Miss Helen Petsky, Department of Respiratory Medicine, Royal Children's Hospital, Herston, Brisbane, QLD 4029, Australia. Fax: +61 7 3636 1958; email:


Aim:  Acute respiratory infections (ARI) are common in children, and symptoms range from days to weeks. The aim of this study was to determine if children with asthma have more severe ARI episodes compared with children with protracted bronchitis and controls.

Methods:  Parents prospectively scored their child's next ARI using the Canadian acute respiratory illness and flu scale (CARIFS) and a validated cough diary (on days 1–7, 10 and 14 of illness). Children were age- and season-matched.

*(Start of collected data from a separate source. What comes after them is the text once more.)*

(* Let $k$ be an odd positive integer, $\ell\in\{0,1,2,\ldots\}$ and $a$ real. Whenever all the arguments of $\tilde\gamma_\cdot$ below are positive, one has $$\sum_{r=1}^{k}(-1)^{r-1}\tilde\gamma_\ell\left(\frac rk-a\right)=k\sum_{j=0}^{\ell}(-1)^j\binom{\ell}{j}\tilde\gamma_{\ell-j}(1-ak)\log^jk,$$ and, if in addition $a>0$, $$\sum_{r=1}^{k}(-1)^{r-1}\tilde\gamma_\ell\left(\frac rk+a\right)=k\sum_{j=0}^{\ell-1}(-1)^j\binom{\ell}{j}\tilde\gamma_{\ell-j}(1+ak)\log^jk+k(-1)^\ell\tilde\psi(ak)\log^\ell k+\frac{(-1)^\ell}{a}\log^\ell k.$$
   Context: For $q>0$, $\zeta_E(z,q)=\sum_{n=0}^\infty (-1)^n (n+q)^{-z}$ for $\mathrm{Re}(z)>0$, extended by analytic continuation to an entire function of $z$. The modified Stieltjes constants $\tilde\gamma_m(q)$ are defined by the Taylor expansion $\zeta_E(z,q)=\sum_{m=0}^\infty\frac{(-1)^m\tilde\gamma_m(q)}{m!}(z-1)^m$. The modified digamma function is $\tilde\psi(q):=-\tilde\gamma_0(q)=-\zeta_E(1,q)$. Convention: $\log^0 k=1$. *)

From Stdlib Require Import Reals Lra Lia.
From Coquelicot Require Import Coquelicot.
Open Scope R_scope.

Fixpoint fsum (n : nat) (f : nat -> R) : R :=
  match n with
  | O => 0
  | S m => fsum m f + f m
  end.

(* Alternating Hurwitz zeta  zeta_E(z,q) = sum_{n>=0} (-1)^n (n+q)^{-z},
   as the limit of partial sums (Coquelicot's Series); this is the
   defining series, valid (convergent) for real z > 0, q > 0. *)
Definition zetaE (z q : R) : R :=
  Series (fun n => (-1) ^ n * Rpower (INR n + q) (- z)).

(* Modified Stieltjes constants: zeta_E(z,q) = sum_m (-1)^m gt_m(q)/m! (z-1)^m,
   i.e. gt_m(q) = (-1)^m * (d/dz)^m zeta_E(z,q) at z = 1 (the entire function
   is real-analytic on the real axis, so its Taylor coefficients at the real
   point 1 are given by the real derivatives of its restriction to z > 0). *)
Definition gammaT (m : nat) (q : R) : R :=
  (-1) ^ m * Derive_n (fun z => zetaE z q) m 1.

Definition psiT (q : R) : R := - gammaT 0 q.

From Stdlib Require Import Reals Lra Lia FunctionalExtensionality.
From Coquelicot Require Import Coquelicot.
Open Scope R_scope.

(* For z > 1/2 the tails of the alternating series for the z-derivatives of
   zeta_E(z, q) are, far enough out, bounded by their first term uniformly in z,
   so the series may be differentiated termwise and
     gt_m(q) = sum_n (-1)^n log^m (n + q) / (n + q).
   Split the series  k sum_m (-1)^m (log k - log (m + c))^l / (m + c)  along the
   residue classes m = k n + i: since k is odd, (-1)^(k n + i) = (-1)^(n + i), and
   the classes give (-1)^l sum_i (-1)^i gt_l((i + c) / k); expanding the binomial
   instead gives (-1)^l k sum_j (-1)^j C(l, j) log^j k gt_(l-j)(c).  Take
   c = 1 - a k, resp. c = 1 + a k; in the second case the term j = l is rewritten
   with the recurrence  psi~(q + 1) = - psi~(q) - 1/q. *)

Lemma fsum_ext n f g : (forall i, (i < n)%nat -> f i = g i) -> fsum n f = fsum n g.
Proof.
  induction n as [|n IH]; intros H; simpl; [reflexivity|].
  rewrite IH by (intros; apply H; lia). rewrite H by lia. reflexivity.
Qed.

Lemma fsum_zero n : fsum n (fun _ => 0) = 0.
Proof. induction n as [|n IH]; simpl; [reflexivity|]. rewrite IH. ring. Qed.

Lemma fsum_plus n f g : fsum n (fun i => f i + g i) = fsum n f + fsum n g.
Proof. induction n as [|n IH]; simpl; [ring|]. rewrite IH. ring. Qed.

Lemma fsum_scal n c f : c * fsum n f = fsum n (fun i => c * f i).
Proof. induction n as [|n IH]; simpl; [ring|]. rewrite <- IH. ring. Qed.

Lemma fsum_add m n f : fsum (m + n) f = fsum m f + fsum n (fun i => f (m + i)%nat).
Proof.
  induction n as [|n IH]; simpl.
  - rewrite Nat.add_0_r. ring.
  - rewrite Nat.add_succ_r. simpl. rewrite IH. ring.
Qed.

Results:  On days 10 and 14 of illness, children with protracted bronchitis had significantly higher median CARIFS when compared with children with asthma and healthy controls. On day 14, the median CARIFS were: asthma = 4.1 (interquartile range (IQR) 4.0), protracted bronchitis = 19.6 (IQR 25.8) and controls = 4.1 (IQR 5.25). The median cough score was significantly different between groups on days 1, 7, 10 and 14 (P < 0.001). A significantly higher proportion of children with protracted bronchitis (63%) were still coughing at day 14 in comparison with children with asthma (24%) and healthy controls (26%).

Conclusion:  Children with protracted bronchitis had the most severe ARI symptoms and higher percentage of respiratory morbidity at day 14 in comparison with children with asthma and healthy controls.